=== Directions for this task ===
Set down, please, exactly the lines below that run from the line with "flatten [seq prods gens k | k <- iota 0 n]." to the line with "if n is n'.+1 then [seq", both lines included.

Data excerpts
(* Let $E$ be a finite directed graph and let $A$ be either the path algebra $KE$ or the Leavitt path algebra $L_K(E)$, each with its standard filtration. Then $A$ belongs to exactly one of the following classes: Class 0 ($A$ is finite-dimensional); Class 1 ($A$ is infinite-dimensional with $\mathrm{GKdim}(A)<\infty$); Class 2 ($\mathrm{GKdim}(A)=\infty$ and $\mathrm{h}_{\mathrm{alg}}(A)<\infty$). In particular $\mathrm{h}_{\mathrm{alg}}(A)<\infty$.
   Context: A finite directed graph $E=(E^0,E^1,s,r)$ has finitely many vertices and edges, with source and range maps $s,r:E^1\to E^0$. Paths are finite sequences $e_1\cdots e_n$ of edges with $r(e_i)=s(e_{i+1})$; vertices are paths of length $0$. The path algebra $KE$ over a field $K$ has basis all paths with concatenation product (zero when not composable); its standard filtration $V_n$ is the span of paths of length $\le n$. The Leavitt path algebra $L_K(E)$ is the $K$-algebra generated by $E^0\cup E^1\cup\{e^*:e\in E^1\}$ subject to: $vw=\delta_{v,w}v$ for vertices; $s(e)e=e=er(e)$ and $r(e)e^*=e^*=e^*s(e)$; $e^*f=\delta_{e,f}r(e)$ for $e,f\in E^1$; $\sum_{s(e)=v}ee^*=v$ for every vertex $v$ with $0<|s^{-1}(v)|<\infty$. Its standard filtration $W_n$ is the span of elements $\lambda\mu^*$ with $\lambda,\mu$ paths and $l(\lambda)+l(\mu)\le n$. For a filtration $\{V_n\}$ of an algebra $A$, $\mathrm{h}_{\mathrm{alg}}(A)=0$ if $A$ is finite-dimensional and $\limsup_n\frac1n\log\dim(V_n/V_{n-1})$ otherwise. The Gelfand–Kirillov dimension is $\mathrm{GKdim}(A)=\limsup_{n\to\infty}\log\dim(V^n)/\log n$, where $V$ is any finite-dimensional generating subspace and $V^n$ is the span of products of at most $n$ elements of $V$. *)

From HB Require Import structures.
From mathcomp Require Import all_boot all_order all_algebra.
From mathcomp Require Import boolp reals ereal exp sequences.
Set Implicit Arguments. Unset Strict Implicit. Unset Printing Implicit Defensive.
Import Order.TTheory GRing.Theory Num.Theory.
Local Open Scope ring_scope.

Section LinAlg.
Variables (K : fieldType) (A : lmodType K).

Definition free_seq (l : seq A) : Prop :=
  forall c : nat -> K, \sum_(i < size l) c i *: l`_i = 0 ->
    forall i, (i < size l)%N -> c i = 0.

Definition in_span (l : seq A) (a : A) : Prop :=
  exists c : nat -> K, a = \sum_(i < size l) c i *: l`_i.

Definition dimspan (l : seq A) : nat :=
  \max_(d < (size l).+1 | `[< exists t, subseq t l /\ size t = d /\ free_seq t >]) d.

Definition fin_dim : Prop := exists l : seq A, forall a : A, in_span l a.

Definition is_alg (mul : A -> A -> A) : Prop :=
  [/\ forall x y z, mul x (mul y z) = mul (mul x y) z,
      forall x y z, mul (x + y) z = mul x z + mul y z,
      forall x y z, mul x (y + z) = mul x y + mul x z,
      forall k x y, mul (k *: x) y = k *: mul x y
    & forall k x y, mul x (k *: y) = k *: mul x y].

Definition mprod (mul : A -> A -> A) (d : A) (l : seq A) : A :=
  if l is x :: l' then foldl mul x l' else d.

End LinAlg.

Definition alg_hom (K : fieldType) (A B : lmodType K)
  (mulA : A -> A -> A) (mulB : B -> B -> B) (f : A -> B) : Prop :=
  (forall k x y, f (k *: x + y) = k *: f x + f y) /\
  (forall x y, f (mulA x y) = mulB (f x) (f y)).

Section Growth.
Variables (R : realType) (K : fieldType) (A : lmodType K) (mul : A -> A -> A).
Local Open Scope ereal_scope.

(* products of (k+1) elements of gens *)
Fixpoint prods (gens : seq A) (k : nat) : seq A :=
  match k with
  | 0 => gens
  | k'.+1 => [seq mul x y | x <- gens, y <- prods gens k']
  end.

(* spanning list of V^n : products of at most n (and at least 1) elements of gens *)
Definition pow_span (gens : seq A) (n : nat) : seq A :=
  flatten [seq prods gens k | k <- iota 0 n].

Definition GKdim (gens : seq A) : \bar R :=
  limn_esup (fun n : nat =>
    ((ln ((dimspan (pow_span gens n))%:R : R)) / ln (n%:R : R))%:E).

Definition grdim (filt : nat -> seq A) (n : nat) : nat :=
  (dimspan (filt n) - (if n is n'.+1 then dimspan (filt n') else 0))%N.

Definition h_alg (filt : nat -> seq A) : \bar R :=
  if `[< fin_dim A >] then 0
  else limn_esup (fun n : nat =>
    if grdim filt n == 0%N then -oo
    else ((ln ((grdim filt n)%:R : R)) / (n%:R : R))%:E).

Definition class0 : Prop := fin_dim A.
Definition class1 (filt : nat -> seq A) : Prop :=
  ~ fin_dim A /\ GKdim (filt 1%N) < +oo.
Definition class2 (filt : nat -> seq A) : Prop :=
  GKdim (filt 1%N) = +oo /\ h_alg filt < +oo.

Definition exactly_one (P Q S : Prop) : Prop :=
  (P /\ ~ Q /\ ~ S) \/ (~ P /\ Q /\ ~ S) \/ (~ P /\ ~ Q /\ S).

Definition classified (filt : nat -> seq A) : Prop :=
  exactly_one class0 (class1 filt) (class2 filt) /\ h_alg filt < +oo.

End Growth.

Section Graph.
Variables (V Ed : finType) (s r : Ed -> V).

(* a path is a pair (v, [e1;...;en]) starting at v; n = 0 gives the vertex v *)
Fixpoint is_walk (v : V) (w : seq Ed) : bool :=
  if w is e :: w' then (s e == v) && is_walk (r e) w' else true.

Definition is_path (p : V * seq Ed) : bool := is_walk p.1 p.2.

Definition path_end (p : V * seq Ed) : V := last p.1 (map r p.2).

Fixpoint words (n : nat) : seq (seq Ed) :=
  if n is n'.+1 then [seq e :: w | e <- enum Ed, w <- words n'] else [:: [::]].

Definition paths_of_len (k : nat) : seq (V * seq Ed) :=
  [seq p <- [seq (v, w) | v <- enum V, w <- words k] | is_path p].

Definition paths_le (n : nat) : seq (V * seq Ed) :=
  flatten [seq paths_of_len k | k <- iota 0 n.+1].

Section PathAlg.
Variables (K : fieldType) (A : lmodType K) (mul : A -> A -> A)
          (pa : V * seq Ed -> A).

Definition is_path_algebra : Prop :=
  [/\ is_alg mul,
      forall ps : seq (V * seq Ed), uniq ps -> all is_path ps -> free_seq (map pa ps),
      forall a : A, exists ps, all is_path ps /\ in_span (map pa ps) a
    & forall p q, is_path p -> is_path q ->
        mul (pa p) (pa q) = if path_end p == q.1 then pa (p.1, p.2 ++ q.2) else 0].

Definition KE_filt (n : nat) : seq A := map pa (paths_le n).
End PathAlg.

Definition lpa_rels (K : fieldType) (B : lmodType K) (mulB : B -> B -> B)
  (vb : V -> B) (eb gb : Ed -> B) : Prop :=
  [/\ forall v w, mulB (vb v) (vb w) = if v == w then vb v else 0,
      forall e, mulB (vb (s e)) (eb e) = eb e /\ mulB (eb e) (vb (r e)) = eb e,
      forall e, mulB (vb (r e)) (gb e) = gb e /\ mulB (gb e) (vb (s e)) = gb e,
      forall e f, mulB (gb e) (eb f) = if e == f then vb (r e) else 0
    & forall v, (exists e, s e = v) ->
        \sum_(e | s e == v) mulB (eb e) (gb e) = vb v].

Section Leavitt.
Variables (K : fieldType) (A : lmodType K) (mul : A -> A -> A)
          (vert : V -> A) (ed gh : Ed -> A).

Definition is_leavitt : Prop :=
  [/\ is_alg mul, lpa_rels mul vert ed gh
    & forall (B : lmodType K) (mulB : B -> B -> B) (vb : V -> B) (eb gb : Ed -> B),
        is_alg mulB -> lpa_rels mulB vb eb gb ->
        (exists f : A -> B, [/\ alg_hom mul mulB f, forall v, f (vert v) = vb v,
                               forall e, f (ed e) = eb e & forall e, f (gh e) = gb e])
        /\ (forall f g : A -> B, alg_hom mul mulB f -> alg_hom mul mulB g ->
              (forall v, f (vert v) = g (vert v)) -> (forall e, f (ed e) = g (ed e)) ->
              (forall e, f (gh e) = g (gh e)) -> forall x, f x = g x)].

Definition lpath (p : V * seq Ed) : A := mprod mul (vert p.1) (map ed p.2).
Definition lghost (p : V * seq Ed) : A := mprod mul (vert p.1) (map gh (rev p.2)).

(* standard filtration: W_n = span of lambda mu^* with l(lambda)+l(mu) <= n *)
Definition LPA_filt (n : nat) : seq A :=
  [seq mul (lpath lm.1) (lghost lm.2)
  | lm <- [seq (l, m) | l <- paths_le n, m <- paths_le n]
  & (size lm.1.2 + size lm.2.2 <= n)%N].
End Leavitt.

End Graph.

(* So dim(V_n/V_{n-1}) <= P^n
   for a constant P, and h_alg <= log P.  The trichotomy is a case split on
   finite-dimensionality and on GKdim = +oo; a finite-dimensional algebra has
   finite GKdim because dim V^n stays below the dimension of the algebra. *)

From HB Require Import structures.
From mathcomp Require Import all_boot all_order all_algebra.
From mathcomp Require Import boolp reals ereal normedtype exp sequences.
Import Order.TTheory GRing.Theory Num.Theory.
Local Open Scope ring_scope.

Section LinearAlgebra.
Variables (K : fieldType) (A : lmodType K).

Lemma dimspan_le_size (l : seq A) : (dimspan l <= size l)%N.
Proof. by apply/bigmax_leqP => i _; rewrite -ltnS. Qed.

(* Steinitz: when [size l < size t], a nonzero vector in the left kernel of the
   coefficient matrix of [t] over [l] is a linear dependence among [t]. *)
Lemma free_seq_size_le_span (l t : seq A) :
  free_seq t -> (forall j, (j < size t)%N -> in_span l t`_j) ->
  (size t <= size l)%N.
Proof.
move=> free_t t_in_l; rewrite leqNgt; apply/negP => lt_l_t.
have [c tE] := choice (fun j : 'I_(size t) => t_in_l j (ltn_ord j)).
pose C : 'M[K]_(size t, size l) := \matrix_(j, i) c j i.
have /rowV0Pn[x /sub_kermxP xC x_neq0] : kermx C != 0.
  rewrite kermx_eq0 /row_free; apply: contraTneq lt_l_t => <-.
  by rewrite -leqNgt rank_leq_col.
pose d k := oapp (fun j : 'I_(size t) => x 0 j) 0 (insub k).
have dE (j : 'I_(size t)) : d j = x 0 j by rewrite /d valK.
have : \sum_(j < size t) d j *: t`_j = 0.
  under eq_bigr => j _ do rewrite dE tE scaler_sumr.
  rewrite exchange_big /=; apply: big1 => i _.
  under eq_bigr => j _ do rewrite scalerA.
  rewrite -scaler_suml.
  have -> : \sum_(j < size t) x 0 j * c j i = (x *m C) 0 i.
    by rewrite mxE; apply: eq_bigr => j _; rewrite mxE.
  by rewrite xC mxE scale0r.
move/free_t => d0; apply/negP: x_neq0; apply/negPn/eqP/rowP => j.
by rewrite mxE -dE d0.
Qed.

Lemma dimspan_le_spanning (l0 l : seq A) :
  (forall a, in_span l0 a) -> (dimspan l <= size l0)%N.
Proof.
move=> l0_spans; apply/bigmax_leqP => d /asboolP[t [_ [<- free_t]]].
by apply: free_seq_size_le_span free_t _ => j _; apply: l0_spans.
Qed.

End LinearAlgebra.

Definition exp_bounded {T : Type} (f : nat -> seq T) : Prop :=
  exists P : nat, forall n, (0 < n)%N -> (size (f n) <= P ^ n)%N.

Section Growth.
Variable R : realType.

Lemma limn_esup_lt_pinfty (u : (\bar R)^nat) (C : R) (N : nat) :
  (forall n, (N <= n)%N -> (u n <= C%:E)%E) -> (limn_esup u < +oo)%E.
Proof.
move=> uC; rewrite limn_esup_lim; apply: (@le_lt_trans _ _ C%:E); last exact: ltry.
apply: lime_le; first exact: is_cvg_esups.
exists N => // m /= Nm; apply: ge_ereal_sup => _ [k /= mk <-]; apply: uC.
exact: leq_trans mk.
Qed.

Lemma ln_natr_ge0 (n : nat) : 0 <= ln (n%:R : R).
Proof. by case: n => [|n]; [rewrite ln0 | rewrite ln_ge0 // ler1n]. Qed.

Lemma ln_natr_le (n : nat) : ln (n%:R : R) <= n%:R.
Proof. by case: n => [|n]; [rewrite ln0 | rewrite ltW // ln_sublinear]. Qed.

Lemma ler_ln_natr (m n : nat) :
  (0 < m)%N -> (m <= n)%N -> ln (m%:R : R) <= ln (n%:R : R).
Proof. by move=> m_gt0 mn; rewrite ler_ln ?posrE ?ltr0n ?ler_nat // (leq_trans m_gt0). Qed.

Variables (K : fieldType) (A : lmodType K).

Lemma h_alg_lt_pinfty (filt : nat -> seq A) :
  exp_bounded filt -> (h_alg R filt < +oo)%E.
Proof.
move=> [P filtP]; rewrite /h_alg; case: asboolP => _; first exact: ltry.
apply: (@limn_esup_lt_pinfty _ (ln (P%:R : R)) 1) => n n_gt0.
case: eqP => [_|/eqP g_neq0]; first exact: leNye.
have gP : (grdim filt n <= P ^ n)%N.
  apply: leq_trans (filtP n n_gt0); rewrite (leq_trans (leq_subr _ _)) //.
  exact: dimspan_le_size.
have Pn_gt0 : (0 < P ^ n)%N by apply: leq_trans gP; rewrite lt0n.
have P_gt0 : (0 < P)%N by case: P Pn_gt0 {filtP gP} => //; rewrite exp0n.
rewrite lee_fin ler_pdivrMr ?ltr0n // mulr_natr -lnXn ?ltr0n // -natrX.
by apply: ler_ln_natr; rewrite ?lt0n.
Qed.

Lemma GKdim_lt_pinfty (mul : A -> A -> A) (gens : seq A) :
  fin_dim A -> (GKdim R mul gens < +oo)%E.
Proof.
move=> [l0 l0_spans]; set D := size l0.
apply: (@limn_esup_lt_pinfty _ (D%:R / ln (2%:R : R)) 2) => n n_ge2.
rewrite lee_fin; set d := dimspan _.
have ln2_gt0 : 0 < ln (2%:R : R) by rewrite ln_gt0 // ltr1n.
have ln2_le : ln (2%:R : R) <= ln (n%:R : R) by apply: ler_ln_natr.
apply: (@le_trans _ _ (ln (d%:R : R) / ln (2%:R : R))).
  by rewrite ler_wpM2l ?ln_natr_ge0 // lef_pV2 ?posrE // (lt_le_trans ln2_gt0).
rewrite ler_wpM2r ?invr_ge0 ?(ltW ln2_gt0) // (le_trans (ln_natr_le _)) // ler_nat.
exact: dimspan_le_spanning.
Qed.

Lemma classified_exp_bounded (mul : A -> A -> A) (filt : nat -> seq A) :
  exp_bounded filt -> classified R mul filt.
Proof.
move=> /h_alg_lt_pinfty h_fin; split=> //.
rewrite /exactly_one /class0 /class1 /class2.
have [fd|nfd] := pselect (fin_dim A).
  left; split=> //; split; first by case.
  by case=> GK _; move: (GKdim_lt_pinfty mul (filt 1%N) fd); rewrite GK ltxx.
right; have [GK|GK] := eqVneq (GKdim R mul (filt 1%N)) +oo%E.
  by right; split=> //; split=> //; case=> _; rewrite GK ltxx.
left; split=> //; split; first by rewrite ltey.
by case=> GK'; rewrite GK' eqxx in GK.
Qed.

End Growth.

Section PathCounting.
Variables (V Ed : finType) (s r : Ed -> V).

Lemma size_words k : size (words Ed k) = (#|Ed| ^ k)%N.
Proof. by elim: k => [|k IH] //=; rewrite size_allpairs IH -cardE expnS. Qed.

Lemma size_paths_of_len k : (size (paths_of_len s r k) <= #|V| * #|Ed| ^ k)%N.
Proof.
rewrite size_filter (leq_trans (count_size _ _)) //.
by rewrite size_allpairs size_words -cardE.
Qed.

Lemma size_paths_le n : (size (paths_le s r n) <= n.+1 * (#|V| * #|Ed|.+1 ^ n))%N.
Proof.
rewrite size_flatten sumnE /shape -map_comp big_map big_seq.
apply: (@leq_trans (\sum_(k <- iota 0 n.+1 | k \in iota 0 n.+1) (#|V| * #|Ed|.+1 ^ n))).
  apply: leq_sum => k; rewrite mem_iota add0n ltnS => kn /=.
  rewrite (leq_trans (size_paths_of_len k)) // leq_mul2l.
  apply/orP; right; apply: (@leq_trans (#|Ed|.+1 ^ k)); last exact: leq_pexp2l.
  by case: k {kn} => // k; rewrite leq_exp2r.
by rewrite -big_seq big_const_seq count_predT size_iota iter_addn_0 mulnC.
Qed.

Lemma exp_bounded_paths_le : exp_bounded (paths_le s r).
Proof.
exists (2 * #|V|.+1 * #|Ed|.+1)%N => n n_gt0.
rewrite (leq_trans (size_paths_le n)) // mulnA !expnMn leq_mul2r.
apply/orP; right; apply: leq_mul; first exact: ltn_expl.
by rewrite (leq_trans (leqnSn _)) // -{1}(expn1 #|V|.+1) leq_pexp2l.
Qed.

Lemma exp_bounded_KE_filt (K : fieldType) (A : lmodType K) (pa : V * seq Ed -> A) :
  exp_bounded (KE_filt s r pa).
Proof.
by have [P pathsP] := exp_bounded_paths_le; exists P => n /pathsP; rewrite size_map.
Qed.

Lemma exp_bounded_LPA_filt (K : fieldType) (A : lmodType K) (mul : A -> A -> A)
    (vert : V -> A) (ed gh : Ed -> A) :
  exp_bounded (LPA_filt s r mul vert ed gh).
Proof.
have [P pathsP] := exp_bounded_paths_le; exists (P * P)%N => n n_gt0.
rewrite size_map size_filter (leq_trans (count_size _ _)) //.
by rewrite size_allpairs expnMn leq_mul ?pathsP.
Qed.

End PathCounting.

Theorem theorem5p16 (R : realType) (K : fieldType) (V Ed : finType) (s r : Ed -> V) :
  (forall (A : lmodType K) (mul : A -> A -> A) (pa : V * seq Ed -> A),
      is_path_algebra s r mul pa -> classified R mul (KE_filt s r pa)) /\
  (forall (A : lmodType K) (mul : A -> A -> A) (vert : V -> A) (ed gh : Ed -> A),
      is_leavitt s r mul vert ed gh -> classified R mul (LPA_filt s r mul vert ed gh)).
Proof.
split=> [A mul pa _ | A mul vert ed gh _]; apply: classified_exp_bounded.
  exact: exp_bounded_KE_filt.
exact: exp_bounded_LPA_filt.
Qed.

=== Response to the exercise ===
  flatten [seq prods gens k | k <- iota 0 n].

Definition GKdim (gens : seq A) : \bar R :=
  limn_esup (fun n : nat =>
    ((ln ((dimspan (pow_span gens n))%:R : R)) / ln (n%:R : R))%:E).

Definition grdim (filt : nat -> seq A) (n : nat) : nat :=
  (dimspan (filt n) - (if n is n'.+1 then dimspan (filt n') else 0))%N.

Definition h_alg (filt : nat -> seq A) : \bar R :=
  if `[< fin_dim A >] then 0
  else limn_esup (fun n : nat =>
    if grdim filt n == 0%N then -oo
    else ((ln ((grdim filt n)%:R : R)) / (n%:R : R))%:E).

Definition class0 : Prop := fin_dim A.
Definition class1 (filt : nat -> seq A) : Prop :=
  ~ fin_dim A /\ GKdim (filt 1%N) < +oo.
Definition class2 (filt : nat -> seq A) : Prop :=
  GKdim (filt 1%N) = +oo /\ h_alg filt < +oo.

Definition exactly_one (P Q S : Prop) : Prop :=
  (P /\ ~ Q /\ ~ S) \/ (~ P /\ Q /\ ~ S) \/ (~ P /\ ~ Q /\ S).

Definition classified (filt : nat -> seq A) : Prop :=
  exactly_one class0 (class1 filt) (class2 filt) /\ h_alg filt < +oo.

End Growth.

Section Graph.
Variables (V Ed : finType) (s r : Ed -> V).

(* a path is a pair (v, [e1;...;en]) starting at v; n = 0 gives the vertex v *)
Fixpoint is_walk (v : V) (w : seq Ed) : bool :=
  if w is e :: w' then (s e == v) && is_walk (r e) w' else true.

Definition is_path (p : V * seq Ed) : bool := is_walk p.1 p.2.

Definition path_end (p : V * seq Ed) : V := last p.1 (map r p.2).

Fixpoint words (n : nat) : seq (seq Ed) :=
  if n is n'.+1 then [seq e :: w | e <- enum Ed, w <- words n'] else [:: [::]].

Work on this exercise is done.